TASK DESCRIPTION:
Return all the records, each one exactly as given.

[Stored items]
══════════

Lemma limsup_t_fin_numP h : 0 < h ->
  limsup_t g h \is a fin_num <-> ubounded_near (g^~ h).
Proof.
move=> h0; have lb : ((- S)%:E <= limsup_t g h)%E.
  apply: limf_esup_ge_near; exists T; split; first exact: num_real.
  by move=> t Tt; rewrite lee_fin g_ge_oppS.
split=> [fin|[c gc]].
- exists (fine (limsup_t g h) + 1).
  have : (limsup_t g h < (fine (limsup_t g h) + 1)%:E)%E.
    by rewrite -{1}(fineK fin) lte_fin ltrDl.
  by move=> /limf_esup_lt_near; apply: filterS => t /ltW; rewrite lee_fin.
- have : (limsup_t g h <= c%:E)%E.
    by apply: limf_esup_le_near; apply: filterS gc => t; rewrite lee_fin.
  by move: lb; case: (limsup_t g h).
Qed.

Lemma ubounded_near_transfer h x : 0 < h -> 0 < x ->
  ubounded_near (g^~ h) -> ubounded_near (g^~ x).
Proof.
move=> h0 x0 [c [T' [_ gc]]].
exists ((c + S) * (x / h) + `|c + S|), (Num.max T T'); split; first exact: num_real.
move=> t; rewrite gt_max => /andP[Tt T't]; apply: g_le_affine => // s ts.
by apply: gc; apply: lt_le_trans ts.
Qed.

Lemma upper_rate_ge0 : (0 <= upper_rate g S)%E.
Proof.
apply: le_ereal_inf_tmp => _ [h h0 <-]; rewrite -leeBlDr // sub0e -EFinN.
apply: limf_esup_ge_near; exists T; split; first exact: num_real.
by move=> t Tt; rewrite lee_fin ler_pdivlMr // mulNr divfK ?gt_eqF // g_ge_oppS.
Qed.

Lemma upper_rate_fin_numP : upper_rate g S \is a fin_num <-> ubounded_near (g^~ 1).
Proof.
split=> [fin|[c gc]].
- apply: contrapT => unb; move: fin; suff -> : upper_rate g S = +oo%E by [].
  apply/ereal_inf_pinfty => _ [h h0 <-]; rewrite limsup_t_ratio_pinfty //.
  by move=> gh; apply: unb; apply: ubounded_near_transfer gh.
- have : (upper_rate g S <= limsup_t_ratio g 1 + (S / 1)%:E)%E.
    by apply: ereal_inf_lbound; exists 1 => //=; exact: ltr01.
  move/le_trans/(_ (leeD2r _ (limsup_t_ratio_le g _ _ ltr01 gc))).
  by move: upper_rate_ge0; case: (upper_rate g S).
Qed.

Lemma limsup_t_fin_numP1 h : 0 < h ->
  limsup_t g h \is a fin_num <-> ubounded_near (g^~ 1).
Proof.
move=> h0; split=> [/(limsup_t_fin_numP h h0)|gb]; first exact: ubounded_near_transfer.
by apply/(limsup_t_fin_numP h h0); apply: ubounded_near_transfer gb.
Qed.

Lemma upper_rate_infinite_exists : upper_rate g S \isn't a fin_num <->
  exists h, 0 < h /\ limsup_t g h \isn't a fin_num.
Proof.
split=> [inf|[h [h0 inf]]].
- exists 1; split=> //; apply: contra inf => fin1.
  by apply/upper_rate_fin_numP/(limsup_t_fin_numP1 1 ltr01).
- by apply: contra inf => /upper_rate_fin_numP /(limsup_t_fin_numP1 h h0).
Qed.

Lemma upper_rate_infinite_forall : upper_rate g S \isn't a fin_num <->
  forall h, 0 < h -> limsup_t g h \isn't a fin_num.
Proof.
split=> [inf h h0|inf].
- by apply: contra inf => /(limsup_t_fin_numP1 h h0) /upper_rate_fin_numP.
- by apply: contra (inf 1 ltr01) => /upper_rate_fin_numP /(limsup_t_fin_numP1 1 ltr01).
Qed.

End quasi_additive.

Local Open Scope ereal_scope.

Theorem proposition5p2 (R : realType) (g : R -> R -> R) (t0 : R) :
  (* g is non-decreasing in the second variable on (0,oo) x [0,oo) *)
  (forall t h h' : R, (0 < t)%R -> (0 <= h)%R -> (h <= h')%R -> (g t h <= g t h')%R) ->
  (* S = sup_{t > t0, h, k > 0} |g(t,h+k) - g(t+h,k) - g(t,h)| < oo *)
  (exists S : R, forall t h k : R, (t0 < t)%R -> (0 < t)%R -> (0 < h)%R -> (0 < k)%R ->
      (`| g t (h + k) - g (t + h) k - g t h | <= S)%R) ->
  exists lsup linf : \bar R,
    (* (i) *)
    ((fun h => limsup_t_ratio g h) @ pinfty_nbhs R --> lsup) /\
    ((fun h => liminf_t_ratio g h) @ pinfty_nbhs R --> linf) /\
    (* (ii) *)
    (exists l1 : \bar R,
        ((fun t => limsup_h_ratio g t) @ pinfty_nbhs R --> l1) /\ l1 <= lsup) /\
    (exists l2 : \bar R,
        ((fun t => liminf_h_ratio g t) @ pinfty_nbhs R --> l2) /\ linf <= l2) /\
    (* (iii) *)
    ((lsup \isn't a fin_num) <->
       (exists h : R, (0 < h)%R /\ limsup_t g h \isn't a fin_num)) /\
    ((lsup \isn't a fin_num) <->
       (forall h : R, (0 < h)%R -> limsup_t g h \isn't a fin_num)).
Proof.
move=> g_nondecr [S g_qadd]; pose T := Num.max t0 0%R.
have g_nondecrT t h h' : (T < t)%R -> (0 <= h)%R -> (h <= h')%R -> (g t h <= g t h')%R.
  by rewrite gt_max => /andP[_]; exact: g_nondecr.
have g_qaddT t h k : (T < t)%R -> (0 < h)%R -> (0 < k)%R ->
    (`|g t (h + k) - g (t + h) k - g t h| <= S)%R.
  by rewrite gt_max => /andP[]; exact: g_qadd.
have TT : (T < T + 1)%R by rewrite ltrDl.
exists (upper_rate g S), (lower_rate g S); split; last split.
- exact: cvg_upper_rate g_nondecrT g_qaddT.
- exact: cvg_lower_rate g_nondecrT g_qaddT.
split; last split; last split.
- exists (limsup_h_ratio g (T + 1)); split.
    exact: cvg_limsup_h_ratio g_nondecrT g_qaddT.
  exact: limsup_h_ratio_le_upper_rate g_nondecrT g_qaddT _ TT.
- exists (liminf_h_ratio g (T + 1)); split.
    exact: cvg_liminf_h_ratio g_qaddT.
  exact: lower_rate_le_liminf_h_ratio g_nondecrT g_qaddT _ TT.
- exact: upper_rate_infinite_exists g_nondecrT g_qaddT.
- exact: upper_rate_infinite_forall g_nondecrT g_qaddT.
Qed.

══════════

OUTPUT FOR THIS EXERCISE:
Lemma limsup_t_fin_numP h : 0 < h ->
  limsup_t g h \is a fin_num <-> ubounded_near (g^~ h).
Proof.
move=> h0; have lb : ((- S)%:E <= limsup_t g h)%E.
  apply: limf_esup_ge_near; exists T; split; first exact: num_real.
  by move=> t Tt; rewrite lee_fin g_ge_oppS.
split=> [fin|[c gc]].
- exists (fine (limsup_t g h) + 1).
  have : (limsup_t g h < (fine (limsup_t g h) + 1)%:E)%E.
    by rewrite -{1}(fineK fin) lte_fin ltrDl.
  by move=> /limf_esup_lt_near; apply: filterS => t /ltW; rewrite lee_fin.
- have : (limsup_t g h <= c%:E)%E.
    by apply: limf_esup_le_near; apply: filterS gc => t; rewrite lee_fin.
  by move: lb; case: (limsup_t g h).
Qed.

Lemma ubounded_near_transfer h x : 0 < h -> 0 < x ->
  ubounded_near (g^~ h) -> ubounded_near (g^~ x).
Proof.
move=> h0 x0 [c [T' [_ gc]]].
exists ((c + S) * (x / h) + `|c + S|), (Num.max T T'); split; first exact: num_real.
move=> t; rewrite gt_max => /andP[Tt T't]; apply: g_le_affine => // s ts.
by apply: gc; apply: lt_le_trans ts.
Qed.

Lemma upper_rate_ge0 : (0 <= upper_rate g S)%E.
Proof.
apply: le_ereal_inf_tmp => _ [h h0 <-]; rewrite -leeBlDr // sub0e -EFinN.
apply: limf_esup_ge_near; exists T; split; first exact: num_real.
by move=> t Tt; rewrite lee_fin ler_pdivlMr // mulNr divfK ?gt_eqF // g_ge_oppS.
Qed.

Lemma upper_rate_fin_numP : upper_rate g S \is a fin_num <-> ubounded_near (g^~ 1).
Proof.
split=> [fin|[c gc]].
- apply: contrapT => unb; move: fin; suff -> : upper_rate g S = +oo%E by [].
  apply/ereal_inf_pinfty => _ [h h0 <-]; rewrite limsup_t_ratio_pinfty //.
  by move=> gh; apply: unb; apply: ubounded_near_transfer gh.
- have : (upper_rate g S <= limsup_t_ratio g 1 + (S / 1)%:E)%E.
    by apply: ereal_inf_lbound; exists 1 => //=; exact: ltr01.
  move/le_trans/(_ (leeD2r _ (limsup_t_ratio_le g _ _ ltr01 gc))).
  by move: upper_rate_ge0; case: (upper_rate g S).
Qed.

Lemma limsup_t_fin_numP1 h : 0 < h ->
  limsup_t g h \is a fin_num <-> ubounded_near (g^~ 1).
Proof.
move=> h0; split=> [/(limsup_t_fin_numP h h0)|gb]; first exact: ubounded_near_transfer.
by apply/(limsup_t_fin_numP h h0); apply: ubounded_near_transfer gb.
Qed.

Lemma upper_rate_infinite_exists : upper_rate g S \isn't a fin_num <->
  exists h, 0 < h /\ limsup_t g h \isn't a fin_num.
Proof.
split=> [inf|[h [h0 inf]]].
- exists 1; split=> //; apply: contra inf => fin1.
  by apply/upper_rate_fin_numP/(limsup_t_fin_numP1 1 ltr01).
- by apply: contra inf => /upper_rate_fin_numP /(limsup_t_fin_numP1 h h0).
Qed.

Lemma upper_rate_infinite_forall : upper_rate g S \isn't a fin_num <->
  forall h, 0 < h -> limsup_t g h \isn't a fin_num.
Proof.
split=> [inf h h0|inf].
- by apply: contra inf => /(limsup_t_fin_numP1 h h0) /upper_rate_fin_numP.
- by apply: contra (inf 1 ltr01) => /upper_rate_fin_numP /(limsup_t_fin_numP1 1 ltr01).
Qed.

End quasi_additive.

Local Open Scope ereal_scope.

Theorem proposition5p2 (R : realType) (g : R -> R -> R) (t0 : R) :
  (* g is non-decreasing in the second variable on (0,oo) x [0,oo) *)
  (forall t h h' : R, (0 < t)%R -> (0 <= h)%R -> (h <= h')%R -> (g t h <= g t h')%R) ->
  (* S = sup_{t > t0, h, k > 0} |g(t,h+k) - g(t+h,k) - g(t,h)| < oo *)
  (exists S : R, forall t h k : R, (t0 < t)%R -> (0 < t)%R -> (0 < h)%R -> (0 < k)%R ->
      (`| g t (h + k) - g (t + h) k - g t h | <= S)%R) ->
  exists lsup linf : \bar R,
    (* (i) *)
    ((fun h => limsup_t_ratio g h) @ pinfty_nbhs R --> lsup) /\
    ((fun h => liminf_t_ratio g h) @ pinfty_nbhs R --> linf) /\
    (* (ii) *)
    (exists l1 : \bar R,
        ((fun t => limsup_h_ratio g t) @ pinfty_nbhs R --> l1) /\ l1 <= lsup) /\
    (exists l2 : \bar R,
        ((fun t => liminf_h_ratio g t) @ pinfty_nbhs R --> l2) /\ linf <= l2) /\
    (* (iii) *)
    ((lsup \isn't a fin_num) <->
       (exists h : R, (0 < h)%R /\ limsup_t g h \isn't a fin_num)) /\
    ((lsup \isn't a fin_num) <->
       (forall h : R, (0 < h)%R -> limsup_t g h \isn't a fin_num)).
Proof.
move=> g_nondecr [S g_qadd]; pose T := Num.max t0 0%R.
have g_nondecrT t h h' : (T < t)%R -> (0 <= h)%R -> (h <= h')%R -> (g t h <= g t h')%R.
  by rewrite gt_max => /andP[_]; exact: g_nondecr.
have g_qaddT t h k : (T < t)%R -> (0 < h)%R -> (0 < k)%R ->
    (`|g t (h + k) - g (t + h) k - g t h| <= S)%R.
  by rewrite gt_max => /andP[]; exact: g_qadd.
have TT : (T < T + 1)%R by rewrite ltrDl.
exists (upper_rate g S), (lower_rate g S); split; last split.
- exact: cvg_upper_rate g_nondecrT g_qaddT.
- exact: cvg_lower_rate g_nondecrT g_qaddT.
split; last split; last split.
- exists (limsup_h_ratio g (T + 1)); split.
    exact: cvg_limsup_h_ratio g_nondecrT g_qaddT.
  exact: limsup_h_ratio_le_upper_rate g_nondecrT g_qaddT _ TT.
- exists (liminf_h_ratio g (T + 1)); split.
    exact: cvg_liminf_h_ratio g_qaddT.
  exact: lower_rate_le_liminf_h_ratio g_nondecrT g_qaddT _ TT.
- exact: upper_rate_infinite_exists g_nondecrT g_qaddT.
- exact: upper_rate_infinite_forall g_nondecrT g_qaddT.
Qed.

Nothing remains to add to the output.